(What you have to do) Only the last stretch of the records is wanted: restate word for word the line with "Let S4 := \sum_(0" and every line after it.

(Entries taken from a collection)
Segment Open

Lemma normr_upwind (r0 r1 v : R) : 0 <= r0 -> 0 <= r1 ->
  `|r0 * posp v + r1 * negp v| = r0 * posp v - r1 * negp v.
Proof.
move=> r00 r10; case: (upwindP v) => v0; rewrite !mulr0 ?addr0 ?subr0 ?add0r ?sub0r.
  by rewrite ger0_norm ?mulr_ge0.
by rewrite ler0_norm // mulr_ge0_le0 // ltW.
Qed.

Lemma upwind_kinetic (r0 r1 v h0 h1 : R) : 0 <= r0 -> 0 <= r1 ->
  (r0 * h0 * posp v + r1 * h1 * negp v) * (h0 - h1)
  - (r0 * posp v + r1 * negp v) * (h0 ^+ 2 / 2 - h1 ^+ 2 / 2)
  = `|r0 * posp v + r1 * negp v| * (h1 - h0) ^+ 2 / 2.
Proof. by move=> r00 r10; rewrite normr_upwind //; field. Qed.

Definition upwind_point (a g r0 r1 v th : R) : Prop :=
  between th r0 r1 /\
  (r0 * posp v + r1 * negp v) * (dpres a g r0 - dpres a g r1)
  = (g - 1) * v * (pres a g r0 - pres a g r1) + `|v| * (pres2 a g th * (r1 - r0) ^+ 2 / 2).

Lemma exists_upwind_point (a g r0 r1 v : R) : 0 < r0 -> 0 < r1 ->
  exists th, upwind_point a g r0 r1 v th.
Proof.
move=> r0p r1p; have euler w :
    w * ((r0 * dpres a g r0 - g * pres a g r0) - (r1 * dpres a g r1 - g * pres a g r1)) = 0.
  by rewrite !mul_dpres // !subrr mulr0.
rewrite /upwind_point; case: (upwindP v) => v0.
  have [th [bt T]] := exists_taylor_point a g r1p r0p; exists th; split; first exact: between_sym.
  by rewrite -[(r1 - r0) ^+ 2]sqrrN opprB -T; apply: subr0_eq; rewrite -[RHS](euler v); ring.
have [th [bt T]] := exists_taylor_point a g r0p r1p; exists th; split => //.
by rewrite -T; apply: subr0_eq; rewrite -[RHS](euler v); ring.
Qed.

End Upwind.

Section SummationByParts.
Variables (R : comPzRingType) (N : nat) (u c : nat -> R).
Hypotheses (u0 : u 0%N = 0) (uN : u N = 0).

Lemma summation_by_parts_lin (alpha beta : R) :
  \sum_(0 <= i < N.-1) u i.+1 * (alpha * c i + beta * c i.+1) =
  \sum_(0 <= i < N) c i * (alpha * u i.+1 + beta * u i).
Proof.
case: N uN => [|n] unN /=; first by rewrite !big_geq.
under [RHS]eq_bigr do rewrite mulrDr.
rewrite big_split /= big_nat_recr //= unN !mulr0 addr0.
rewrite big_nat_recl //= u0 !mulr0 add0r -big_split /=.
by apply: eq_bigr => i _; ring.
Qed.

Lemma summation_by_parts :
  \sum_(0 <= i < N.-1) u i.+1 * (c i - c i.+1) = \sum_(0 <= i < N) c i * (u i.+1 - u i).
Proof.
have := summation_by_parts_lin 1 (-1).
by under eq_bigr do rewrite mul1r mulN1r; under [in RHS]eq_bigr do rewrite mul1r mulN1r.
Qed.

Lemma summation_by_parts_add :
  \sum_(0 <= i < N.-1) u i.+1 * (c i + c i.+1) = \sum_(0 <= i < N) c i * (u i.+1 + u i).
Proof.
have := summation_by_parts_lin 1 1.
by under eq_bigr do rewrite !mul1r; under [in RHS]eq_bigr do rewrite !mul1r.
Qed.

End SummationByParts.

Lemma choice2 {I J T : Type} (x0 : T) (P : I -> J -> Prop) (Q : I -> J -> T -> Prop) :
  (forall k i, P k i -> exists x, Q k i x) ->
  exists f : I -> J -> T, forall k i, P k i -> Q k i (f k i).
Proof.
move=> PQ; have /choice[f Hf] : forall p : I * J, exists x, P p.1 p.2 -> Q p.1 p.2 x.
  move=> [k i] /=; have [/PQ[x Qx]|nP] := pselect (P k i); first by exists x.
  by exists x0 => /nP.
by exists (fun k i => f (k, i)) => k i /(Hf (k, i)).
Qed.

Definition step_dissipation {R : realType} (N : nat) (dx dt mu a g : R)
    (rho u rs th : nat -> nat -> R) (k : nat) : R :=
  mu * dt * dx * \sum_(0 <= i < N) ((u k i.+1 - u k i) / dx) ^+ 2
  + dt ^+ 2 * dx / (2 * (g - 1)) *
      \sum_(0 <= i < N) pres2 a g (rs k i) * ((rho k i - rho k.-1 i) / dt) ^+ 2
  + dt * dx ^+ 2 / (2 * (g - 1)) *
      \sum_(0 <= i < N.-1) pres2 a g (th k i) * ((rho k i.+1 - rho k i) / dx) ^+ 2 * `|u k i.+1|
  + dt ^+ 2 * dx / 2 * \sum_(0 <= i < N) rho k.-1 i * ((uhat u k i - uhat u k.-1 i) / dt) ^+ 2
  + dt * dx ^+ 2 / 2 *
      \sum_(0 <= i < N.-1) `|Up_ru N rho u k i.+1| * ((uhat u k i.+1 - uhat u k i) / dx) ^+ 2.

Section EnergyStep.
Variables (R : realType) (N : nat) (dx dt mu a g : R) (rho u : nat -> nat -> R) (k : nat).
Variables (rs th : nat -> nat -> R).
Hypotheses (dx_gt0 : 0 < dx) (dt_gt0 : 0 < dt) (g_gt1 : 1 < g).
Hypotheses (u_left : u k 0%N = 0) (u_right : u k N = 0).
Hypothesis mass : forall i, (i < N)%N ->
  (rho k i - rho k.-1 i) / dt + (Up_ru N rho u k i.+1 - Up_ru N rho u k i) / dx = 0.
Hypothesis momentum : forall i, (i.+2 <= N)%N ->
  ((rho k i * uhat u k i + rho k i.+1 * uhat u k i.+1) / 2
   - (rho k.-1 i * uhat u k.-1 i + rho k.-1 i.+1 * uhat u k.-1 i.+1) / 2) / dt
  + (Up_ruu N rho u k i.+2 - Up_ruu N rho u k i) / (2 * dx)
  = mu * (u k i - 2 * u k i.+1 + u k i.+2) / dx ^+ 2
    - (pres a g (rho k i.+1) - pres a g (rho k i)) / dx.
Hypothesis rho_ge0 : forall i, (i < N)%N -> 0 <= rho k i.
Hypothesis taylor_time : forall i, (i < N)%N ->
  taylor_point a g (rho k i) (rho k.-1 i) (rs k i).
Hypothesis upwind_space : forall i, (i.+2 <= N)%N ->
  upwind_point a g (rho k i) (rho k i.+1) (u k i.+1) (th k i).

Local Notation r i := (rho k i).
Local Notation r' i := (rho k.-1 i).
Local Notation h i := (uhat u k i).
Local Notation h' i := (uhat u k.-1 i).
Local Notation v j := (u k j).
Local Notation F j := (Up_ru N rho u k j).
Local Notation G j := (Up_ruu N rho u k j).
Local Notation P i := (pres a g (rho k i)).
Local Notation P' i := (pres a g (rho k.-1 i)).

Let dx_neq0 : dx != 0. Proof. exact: lt0r_neq0. Qed.
Let dt_neq0 : dt != 0. Proof. exact: lt0r_neq0. Qed.

Let F_left : F 0%N = 0. Proof. by rewrite /Up_ru ltnn. Qed.
Let F_right : F N = 0. Proof. by rewrite /Up_ru ltnn andbF. Qed.
Let G_left : G 0%N = 0. Proof. by rewrite /Up_ruu ltnn. Qed.
Let G_right : G N = 0. Proof. by rewrite /Up_ruu ltnn andbF. Qed.

Let inner_node i : (i < N.-1)%N -> (i.+2 <= N)%N.
Proof. by case: N. Qed.

Let mass_cleared i : (i < N)%N -> (r i - r' i) * dx + dt * (F i.+1 - F i) = 0.
Proof. by move=> iN; rewrite -(mul0r (dt * dx)) -(mass iN); field; rewrite ?dt_neq0 ?dx_neq0. Qed.

(* momentum increment and stress of cell [i], both multiplied by [dt * dx] *)
Let b i := (r i * h i - r' i * h' i) * dx + dt * (G i.+1 - G i).
Let e i := mu * dt / dx * (v i - v i.+1) + dt * P i.

Let momentum_cleared i : (i.+2 <= N)%N -> b i / 2 + b i.+1 / 2 = e i - e i.+1.
Proof.
move=> iN; have := congr1 (fun z => z * (dt * dx)) (momentum iN).
by rewrite /b /e => E; apply: etrans (etrans _ E) _; field; rewrite ?dt_neq0 ?dx_neq0.
Qed.

Let kinetic_cell i : (i < N)%N -> b i * h i =
  dx * (r i * h i ^+ 2 / 2 - r' i * h' i ^+ 2 / 2 + r' i * (h i - h' i) ^+ 2 / 2)
  + dt * (h i * (G i.+1 - G i) - h i ^+ 2 / 2 * (F i.+1 - F i)).
Proof.
move=> iN; apply: subr0_eq; rewrite -(mulr0 (h i ^+ 2 / 2)) -(mass_cleared iN) /b.
by field.
Qed.

Let kinetic_balance :
  \sum_(0 <= i < N) (dx * (r i * h i ^+ 2 / 2 - r' i * h' i ^+ 2 / 2 + r' i * (h i - h' i) ^+ 2 / 2)
    + dt * (h i * (G i.+1 - G i) - h i ^+ 2 / 2 * (F i.+1 - F i)))
  = \sum_(0 <= i < N) e i * (v i.+1 - v i).
Proof.
transitivity (\sum_(0 <= i < N) b i / 2 * (v i.+1 + v i)).
  by apply: eq_big_nat => i /andP[_ iN]; rewrite -kinetic_cell // /uhat; field.
rewrite -summation_by_parts_add // -summation_by_parts //.
by apply: eq_big_nat => i /andP[_ /inner_node iN]; rewrite momentum_cleared.
Qed.

Let kinetic_flux :
  \sum_(0 <= i < N) (h i * (G i.+1 - G i) - h i ^+ 2 / 2 * (F i.+1 - F i))
  = \sum_(0 <= i < N.-1) `|F i.+1| * (h i.+1 - h i) ^+ 2 / 2.
Proof.
rewrite sumrB -(summation_by_parts _ G_left G_right).
rewrite -(summation_by_parts (fun i => h i ^+ 2 / 2) F_left F_right) -sumrB.
apply: eq_big_nat => i /andP[_ /inner_node iN].
by rewrite /Up_ru /Up_ruu /= iN -upwind_kinetic ?rho_ge0 ?(ltnW iN) //; field.
Qed.

Let pressure_time :
  dx * \sum_(0 <= i < N) (P i - P' i + pres2 a g (rs k i) * (r' i - r i) ^+ 2 / 2)
  + dt * \sum_(0 <= i < N) dpres a g (r i) * (F i.+1 - F i) = 0.
Proof.
rewrite !mulr_sumr -big_split /= big_nat_cond big1 // => i /andP[/andP[_ iN] _].
rewrite -(taylor_time iN).2 -(mulr0 (dpres a g (r i))) -(mass_cleared iN); ring.
Qed.

Let pressure_flux : \sum_(0 <= i < N) dpres a g (r i) * (F i.+1 - F i)
  = (g - 1) * \sum_(0 <= i < N) P i * (v i.+1 - v i)
    + \sum_(0 <= i < N.-1) `|v i.+1| * (pres2 a g (th k i) * (r i.+1 - r i) ^+ 2 / 2).
Proof.
rewrite -(summation_by_parts _ F_left F_right) -(summation_by_parts _ u_left u_right).
rewrite mulr_sumr -big_split /=; apply: eq_big_nat => i /andP[_ /inner_node iN].
by rewrite /Up_ru /= iN (upwind_space iN).2; ring.
Qed.

Let K l := \sum_(0 <= i < N) rho l i * uhat u l i ^+ 2 / 2.
Let Pr l := \sum_(0 <= i < N) pres a g (rho l i).
Let S1 := \sum_(0 <= i < N) pres2 a g (rs k i) * (r' i - r i) ^+ 2 / 2.
Let S2 := \sum_(0 <= i < N.-1) `|v i.+1| * (pres2 a g (th k i) * (r i.+1 - r i) ^+ 2 / 2).
Let S3 := \sum_(0 <= i < N) r' i * (h i - h' i) ^+ 2 / 2.
Let S4 := \sum_(0 <= i < N.-1) `|F i.+1| * (h i.+1 - h i) ^+ 2 / 2.
Let V := \sum_(0 <= i < N) (v i.+1 - v i) ^+ 2.
Let W := \sum_(0 <= i < N) P i * (v i.+1 - v i).

Let kinetic_energy : dx * (K k - K k.-1 + S3) + dt * S4 = - (mu * dt / dx) * V + dt * W.
Proof.
rewrite /K /S3 /S4 -kinetic_flux -sumrB -big_split /= !mulr_sumr -big_split /=.
rewrite kinetic_balance -big_split /=.
by apply: eq_bigr => i _; rewrite /e; ring.
Qed.

Let pressure_energy : dx * (Pr k - Pr k.-1 + S1) + dt * ((g - 1) * W + S2) = 0.
Proof. by rewrite /Pr /S1 -sumrB -big_split -pressure_flux pressure_time. Qed.

Let g1_neq0 : g - 1 != 0. Proof. by rewrite subr_eq0 gt_eqF. Qed.

Let energyE l : energy N dx a g rho u l = dx * (K l + Pr l / (g - 1)).
Proof. by rewrite /energy big_split /= mulr_suml. Qed.

Let step_dissipationE : step_dissipation N dx dt mu a g rho u rs th k
  = mu * dt / dx * V + dx / (g - 1) * S1 + dt / (g - 1) * S2 + dx * S3 + dt * S4.
Proof.
rewrite /step_dissipation !mulr_sumr.
by congr (_ + _ + _ + _ + _); apply: eq_bigr => i _; field; rewrite ?g1_neq0 ?dx_neq0 ?dt_neq0.
Qed.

Segment Closed

(Task answer)
Let S4 := \sum_(0 <= i < N.-1) `|F i.+1| * (h i.+1 - h i) ^+ 2 / 2.
Let V := \sum_(0 <= i < N) (v i.+1 - v i) ^+ 2.
Let W := \sum_(0 <= i < N) P i * (v i.+1 - v i).

Let kinetic_energy : dx * (K k - K k.-1 + S3) + dt * S4 = - (mu * dt / dx) * V + dt * W.
Proof.
rewrite /K /S3 /S4 -kinetic_flux -sumrB -big_split /= !mulr_sumr -big_split /=.
rewrite kinetic_balance -big_split /=.
by apply: eq_bigr => i _; rewrite /e; ring.
Qed.

Let pressure_energy : dx * (Pr k - Pr k.-1 + S1) + dt * ((g - 1) * W + S2) = 0.
Proof. by rewrite /Pr /S1 -sumrB -big_split -pressure_flux pressure_time. Qed.

Let g1_neq0 : g - 1 != 0. Proof. by rewrite subr_eq0 gt_eqF. Qed.

Let energyE l : energy N dx a g rho u l = dx * (K l + Pr l / (g - 1)).
Proof. by rewrite /energy big_split /= mulr_suml. Qed.

Let step_dissipationE : step_dissipation N dx dt mu a g rho u rs th k
  = mu * dt / dx * V + dx / (g - 1) * S1 + dt / (g - 1) * S2 + dx * S3 + dt * S4.
Proof.
rewrite /step_dissipation !mulr_sumr.
by congr (_ + _ + _ + _ + _); apply: eq_bigr => i _; field; rewrite ?g1_neq0 ?dx_neq0 ?dt_neq0.
Qed.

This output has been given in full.